### Prompt
Each time a line of the listing holds "functions", copy that line.

━━━━━ Data to use ━━━━━

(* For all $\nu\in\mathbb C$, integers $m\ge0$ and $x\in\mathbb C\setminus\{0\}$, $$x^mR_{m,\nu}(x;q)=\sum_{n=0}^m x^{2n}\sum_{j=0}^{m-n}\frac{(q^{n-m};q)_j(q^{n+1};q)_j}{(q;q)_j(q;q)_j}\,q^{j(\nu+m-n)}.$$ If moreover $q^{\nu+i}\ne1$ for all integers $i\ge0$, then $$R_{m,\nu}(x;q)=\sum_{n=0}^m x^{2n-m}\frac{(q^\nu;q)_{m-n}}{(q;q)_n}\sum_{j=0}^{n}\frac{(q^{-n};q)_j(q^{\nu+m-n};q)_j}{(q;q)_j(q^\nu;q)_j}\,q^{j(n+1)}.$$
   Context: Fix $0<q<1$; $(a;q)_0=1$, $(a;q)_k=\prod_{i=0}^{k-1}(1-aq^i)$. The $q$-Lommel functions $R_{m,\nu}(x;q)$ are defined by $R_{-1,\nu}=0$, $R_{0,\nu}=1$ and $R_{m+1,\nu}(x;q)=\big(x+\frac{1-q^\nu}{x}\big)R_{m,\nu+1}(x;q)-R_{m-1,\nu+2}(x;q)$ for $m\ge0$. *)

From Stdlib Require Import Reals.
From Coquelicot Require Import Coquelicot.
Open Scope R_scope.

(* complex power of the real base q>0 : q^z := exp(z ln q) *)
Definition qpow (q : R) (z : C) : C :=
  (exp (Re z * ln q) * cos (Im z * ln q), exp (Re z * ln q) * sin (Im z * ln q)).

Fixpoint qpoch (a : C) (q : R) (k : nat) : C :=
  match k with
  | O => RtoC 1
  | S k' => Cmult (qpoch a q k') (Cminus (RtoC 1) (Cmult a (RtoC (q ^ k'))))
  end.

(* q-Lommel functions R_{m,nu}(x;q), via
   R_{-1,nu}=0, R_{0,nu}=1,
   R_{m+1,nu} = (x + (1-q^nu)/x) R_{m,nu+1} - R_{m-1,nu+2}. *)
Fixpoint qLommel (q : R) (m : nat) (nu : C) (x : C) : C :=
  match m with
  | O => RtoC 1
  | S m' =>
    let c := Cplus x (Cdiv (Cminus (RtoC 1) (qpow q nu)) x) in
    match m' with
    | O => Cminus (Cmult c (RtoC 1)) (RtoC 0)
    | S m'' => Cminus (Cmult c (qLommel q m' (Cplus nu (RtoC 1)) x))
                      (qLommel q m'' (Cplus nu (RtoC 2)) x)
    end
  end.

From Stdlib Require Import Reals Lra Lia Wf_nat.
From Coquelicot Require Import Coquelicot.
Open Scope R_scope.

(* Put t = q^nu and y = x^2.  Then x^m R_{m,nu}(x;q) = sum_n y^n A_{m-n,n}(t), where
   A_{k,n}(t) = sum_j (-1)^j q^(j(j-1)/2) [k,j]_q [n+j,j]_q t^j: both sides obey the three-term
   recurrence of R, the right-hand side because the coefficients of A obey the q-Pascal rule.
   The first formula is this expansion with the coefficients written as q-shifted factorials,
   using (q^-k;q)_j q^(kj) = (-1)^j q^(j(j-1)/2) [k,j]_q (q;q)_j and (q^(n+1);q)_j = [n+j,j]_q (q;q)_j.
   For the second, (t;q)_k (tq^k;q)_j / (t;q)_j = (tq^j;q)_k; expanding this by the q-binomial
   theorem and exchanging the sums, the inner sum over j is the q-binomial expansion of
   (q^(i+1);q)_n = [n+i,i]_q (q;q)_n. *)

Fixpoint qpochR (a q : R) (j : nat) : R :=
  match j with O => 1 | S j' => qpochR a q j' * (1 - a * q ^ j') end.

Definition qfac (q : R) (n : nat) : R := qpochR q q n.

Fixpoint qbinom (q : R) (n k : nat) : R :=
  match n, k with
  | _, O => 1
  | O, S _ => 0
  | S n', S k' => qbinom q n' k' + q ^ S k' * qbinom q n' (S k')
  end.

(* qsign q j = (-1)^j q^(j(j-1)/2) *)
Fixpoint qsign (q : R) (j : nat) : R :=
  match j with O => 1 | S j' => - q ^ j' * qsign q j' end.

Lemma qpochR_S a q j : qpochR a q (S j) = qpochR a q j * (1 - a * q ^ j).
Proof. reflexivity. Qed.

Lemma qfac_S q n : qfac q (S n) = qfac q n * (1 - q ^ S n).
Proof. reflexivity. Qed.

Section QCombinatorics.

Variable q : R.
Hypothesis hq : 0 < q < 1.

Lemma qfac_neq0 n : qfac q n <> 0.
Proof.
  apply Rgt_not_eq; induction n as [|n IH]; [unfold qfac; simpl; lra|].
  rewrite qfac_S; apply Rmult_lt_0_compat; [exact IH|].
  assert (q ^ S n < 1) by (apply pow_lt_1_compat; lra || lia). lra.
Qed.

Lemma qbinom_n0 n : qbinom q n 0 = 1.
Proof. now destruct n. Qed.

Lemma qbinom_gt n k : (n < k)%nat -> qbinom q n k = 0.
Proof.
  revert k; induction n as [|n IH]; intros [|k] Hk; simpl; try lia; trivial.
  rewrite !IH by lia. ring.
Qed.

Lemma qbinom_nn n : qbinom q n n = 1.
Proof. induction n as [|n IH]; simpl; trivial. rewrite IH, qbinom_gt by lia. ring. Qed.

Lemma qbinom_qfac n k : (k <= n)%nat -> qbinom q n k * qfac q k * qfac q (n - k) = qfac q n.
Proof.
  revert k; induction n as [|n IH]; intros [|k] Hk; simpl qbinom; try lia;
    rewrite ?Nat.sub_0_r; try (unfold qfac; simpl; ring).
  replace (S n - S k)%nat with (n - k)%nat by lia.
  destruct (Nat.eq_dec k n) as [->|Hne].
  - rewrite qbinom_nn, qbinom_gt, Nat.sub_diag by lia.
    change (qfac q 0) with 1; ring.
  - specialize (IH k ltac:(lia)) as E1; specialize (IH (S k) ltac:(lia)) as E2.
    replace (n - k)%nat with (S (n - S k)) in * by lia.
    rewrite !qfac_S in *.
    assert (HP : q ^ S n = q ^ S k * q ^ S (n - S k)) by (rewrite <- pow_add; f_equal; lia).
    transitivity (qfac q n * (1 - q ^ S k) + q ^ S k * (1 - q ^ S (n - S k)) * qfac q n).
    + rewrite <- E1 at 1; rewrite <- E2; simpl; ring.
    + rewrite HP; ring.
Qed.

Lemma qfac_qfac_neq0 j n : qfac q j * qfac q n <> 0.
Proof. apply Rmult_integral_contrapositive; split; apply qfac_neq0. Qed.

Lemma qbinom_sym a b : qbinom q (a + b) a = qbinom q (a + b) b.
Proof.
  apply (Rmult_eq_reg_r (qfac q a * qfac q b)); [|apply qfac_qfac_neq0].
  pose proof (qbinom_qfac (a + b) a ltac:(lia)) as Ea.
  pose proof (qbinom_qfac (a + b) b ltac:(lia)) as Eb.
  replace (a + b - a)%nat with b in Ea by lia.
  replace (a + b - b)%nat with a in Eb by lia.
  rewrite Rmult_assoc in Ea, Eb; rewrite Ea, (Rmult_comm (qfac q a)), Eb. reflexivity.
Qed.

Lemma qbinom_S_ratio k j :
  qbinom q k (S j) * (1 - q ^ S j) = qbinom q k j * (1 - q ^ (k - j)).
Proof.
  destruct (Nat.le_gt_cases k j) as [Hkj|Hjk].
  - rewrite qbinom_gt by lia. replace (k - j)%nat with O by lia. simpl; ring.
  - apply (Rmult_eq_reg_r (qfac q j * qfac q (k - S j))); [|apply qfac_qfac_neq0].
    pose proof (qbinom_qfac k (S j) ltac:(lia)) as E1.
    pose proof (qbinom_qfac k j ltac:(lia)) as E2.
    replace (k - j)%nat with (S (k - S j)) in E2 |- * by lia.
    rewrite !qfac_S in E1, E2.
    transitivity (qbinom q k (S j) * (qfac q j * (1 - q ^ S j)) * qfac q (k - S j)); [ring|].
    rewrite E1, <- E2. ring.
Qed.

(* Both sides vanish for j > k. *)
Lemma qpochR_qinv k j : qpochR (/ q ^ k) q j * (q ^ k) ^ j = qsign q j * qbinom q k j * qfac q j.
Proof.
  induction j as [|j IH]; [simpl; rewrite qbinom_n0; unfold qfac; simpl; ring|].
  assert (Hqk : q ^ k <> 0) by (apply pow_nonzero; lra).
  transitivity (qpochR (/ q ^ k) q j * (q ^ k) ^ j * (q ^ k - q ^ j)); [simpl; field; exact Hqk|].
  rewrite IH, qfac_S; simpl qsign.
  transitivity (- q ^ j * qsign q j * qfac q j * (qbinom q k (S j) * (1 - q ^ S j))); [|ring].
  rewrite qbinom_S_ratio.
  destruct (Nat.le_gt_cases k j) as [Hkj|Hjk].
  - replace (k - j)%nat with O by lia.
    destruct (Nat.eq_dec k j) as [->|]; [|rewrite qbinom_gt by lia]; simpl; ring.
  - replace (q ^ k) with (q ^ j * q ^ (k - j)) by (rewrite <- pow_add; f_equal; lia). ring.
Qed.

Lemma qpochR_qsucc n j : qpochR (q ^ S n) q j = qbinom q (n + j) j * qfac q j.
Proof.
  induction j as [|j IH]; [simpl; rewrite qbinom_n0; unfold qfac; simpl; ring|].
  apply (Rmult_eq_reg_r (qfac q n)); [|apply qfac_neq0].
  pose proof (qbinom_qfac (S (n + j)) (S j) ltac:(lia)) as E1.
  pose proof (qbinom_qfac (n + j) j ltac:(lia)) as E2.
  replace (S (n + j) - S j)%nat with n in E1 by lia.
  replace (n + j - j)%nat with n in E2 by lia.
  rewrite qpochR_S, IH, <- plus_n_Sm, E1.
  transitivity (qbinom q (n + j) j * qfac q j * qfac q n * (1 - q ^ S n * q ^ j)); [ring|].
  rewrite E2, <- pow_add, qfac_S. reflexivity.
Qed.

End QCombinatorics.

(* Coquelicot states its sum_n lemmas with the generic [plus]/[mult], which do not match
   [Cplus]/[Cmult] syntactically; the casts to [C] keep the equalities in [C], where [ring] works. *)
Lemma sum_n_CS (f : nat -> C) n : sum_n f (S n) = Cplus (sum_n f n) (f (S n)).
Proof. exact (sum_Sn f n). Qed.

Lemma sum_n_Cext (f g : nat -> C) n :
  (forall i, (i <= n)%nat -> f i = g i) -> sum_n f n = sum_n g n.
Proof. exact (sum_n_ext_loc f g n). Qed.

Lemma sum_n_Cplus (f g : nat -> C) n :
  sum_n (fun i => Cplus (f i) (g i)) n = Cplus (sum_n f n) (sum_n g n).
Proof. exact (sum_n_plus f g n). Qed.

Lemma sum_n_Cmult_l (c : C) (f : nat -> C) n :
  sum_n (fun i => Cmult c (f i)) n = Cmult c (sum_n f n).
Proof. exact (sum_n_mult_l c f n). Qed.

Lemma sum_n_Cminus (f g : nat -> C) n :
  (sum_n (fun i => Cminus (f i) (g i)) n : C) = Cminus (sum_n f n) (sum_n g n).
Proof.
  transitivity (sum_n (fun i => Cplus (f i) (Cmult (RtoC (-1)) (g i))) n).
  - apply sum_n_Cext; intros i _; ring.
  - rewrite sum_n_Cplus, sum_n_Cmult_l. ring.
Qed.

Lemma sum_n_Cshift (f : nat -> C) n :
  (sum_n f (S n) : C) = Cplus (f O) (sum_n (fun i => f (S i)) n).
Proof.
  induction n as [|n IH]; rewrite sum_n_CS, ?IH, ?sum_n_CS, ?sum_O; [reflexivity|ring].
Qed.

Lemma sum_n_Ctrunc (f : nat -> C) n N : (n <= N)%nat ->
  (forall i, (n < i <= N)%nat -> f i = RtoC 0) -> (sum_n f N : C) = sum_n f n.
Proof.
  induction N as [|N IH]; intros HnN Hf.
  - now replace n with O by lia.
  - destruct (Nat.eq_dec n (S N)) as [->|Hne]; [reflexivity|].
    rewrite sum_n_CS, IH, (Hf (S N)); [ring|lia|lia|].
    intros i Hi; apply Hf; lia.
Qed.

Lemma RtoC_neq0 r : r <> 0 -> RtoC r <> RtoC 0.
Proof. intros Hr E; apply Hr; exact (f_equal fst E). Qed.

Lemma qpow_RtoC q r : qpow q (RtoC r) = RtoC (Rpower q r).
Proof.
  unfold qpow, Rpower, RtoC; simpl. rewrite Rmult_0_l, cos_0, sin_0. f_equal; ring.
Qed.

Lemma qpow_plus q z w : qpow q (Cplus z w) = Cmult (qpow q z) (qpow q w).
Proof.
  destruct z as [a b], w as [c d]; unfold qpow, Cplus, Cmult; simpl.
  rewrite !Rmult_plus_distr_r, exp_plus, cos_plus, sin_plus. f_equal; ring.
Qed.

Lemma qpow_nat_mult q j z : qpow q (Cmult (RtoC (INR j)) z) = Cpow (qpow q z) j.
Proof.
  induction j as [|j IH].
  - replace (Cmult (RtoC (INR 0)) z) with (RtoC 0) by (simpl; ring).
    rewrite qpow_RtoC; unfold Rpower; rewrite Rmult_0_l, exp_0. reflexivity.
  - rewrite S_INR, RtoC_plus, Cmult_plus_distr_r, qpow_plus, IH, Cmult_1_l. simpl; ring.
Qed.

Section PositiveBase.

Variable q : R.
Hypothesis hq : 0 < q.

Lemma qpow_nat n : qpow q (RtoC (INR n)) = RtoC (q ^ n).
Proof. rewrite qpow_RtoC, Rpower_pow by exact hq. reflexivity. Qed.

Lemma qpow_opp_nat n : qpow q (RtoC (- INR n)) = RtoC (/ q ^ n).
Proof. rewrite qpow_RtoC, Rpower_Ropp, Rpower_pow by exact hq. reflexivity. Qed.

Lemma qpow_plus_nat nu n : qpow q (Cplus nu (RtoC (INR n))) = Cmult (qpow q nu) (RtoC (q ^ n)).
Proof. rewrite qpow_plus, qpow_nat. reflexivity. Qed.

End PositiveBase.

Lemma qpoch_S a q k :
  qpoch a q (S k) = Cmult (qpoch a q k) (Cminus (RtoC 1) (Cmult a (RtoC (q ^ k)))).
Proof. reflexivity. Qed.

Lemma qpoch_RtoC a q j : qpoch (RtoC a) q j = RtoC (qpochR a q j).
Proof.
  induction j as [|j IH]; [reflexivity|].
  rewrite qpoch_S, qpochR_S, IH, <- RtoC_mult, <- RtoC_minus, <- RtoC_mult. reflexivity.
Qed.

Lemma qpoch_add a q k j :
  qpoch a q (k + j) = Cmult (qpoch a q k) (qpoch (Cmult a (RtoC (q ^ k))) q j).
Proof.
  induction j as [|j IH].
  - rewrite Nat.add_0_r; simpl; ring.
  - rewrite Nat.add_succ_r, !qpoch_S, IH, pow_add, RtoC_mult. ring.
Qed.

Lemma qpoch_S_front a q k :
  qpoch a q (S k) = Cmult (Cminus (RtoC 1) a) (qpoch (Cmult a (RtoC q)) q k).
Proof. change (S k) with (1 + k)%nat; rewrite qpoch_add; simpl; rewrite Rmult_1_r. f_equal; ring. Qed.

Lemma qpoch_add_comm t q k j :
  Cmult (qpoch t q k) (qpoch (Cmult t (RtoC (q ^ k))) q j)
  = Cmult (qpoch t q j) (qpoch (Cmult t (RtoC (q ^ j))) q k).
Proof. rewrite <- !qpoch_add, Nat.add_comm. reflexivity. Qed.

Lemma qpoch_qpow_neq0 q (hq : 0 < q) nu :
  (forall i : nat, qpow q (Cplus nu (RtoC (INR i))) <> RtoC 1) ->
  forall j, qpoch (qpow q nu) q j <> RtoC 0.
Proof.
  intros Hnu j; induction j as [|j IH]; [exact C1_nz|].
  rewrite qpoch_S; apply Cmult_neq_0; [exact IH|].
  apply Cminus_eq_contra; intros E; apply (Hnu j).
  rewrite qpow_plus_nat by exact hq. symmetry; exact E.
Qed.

━━━━━

### Answer to the problem
   Context: Fix $0<q<1$; $(a;q)_0=1$, $(a;q)_k=\prod_{i=0}^{k-1}(1-aq^i)$. The $q$-Lommel functions $R_{m,\nu}(x;q)$ are defined by $R_{-1,\nu}=0$, $R_{0,\nu}=1$ and $R_{m+1,\nu}(x;q)=\big(x+\frac{1-q^\nu}{x}\big)R_{m,\nu+1}(x;q)-R_{m-1,\nu+2}(x;q)$ for $m\ge0$. *)
(* q-Lommel functions R_{m,nu}(x;q), via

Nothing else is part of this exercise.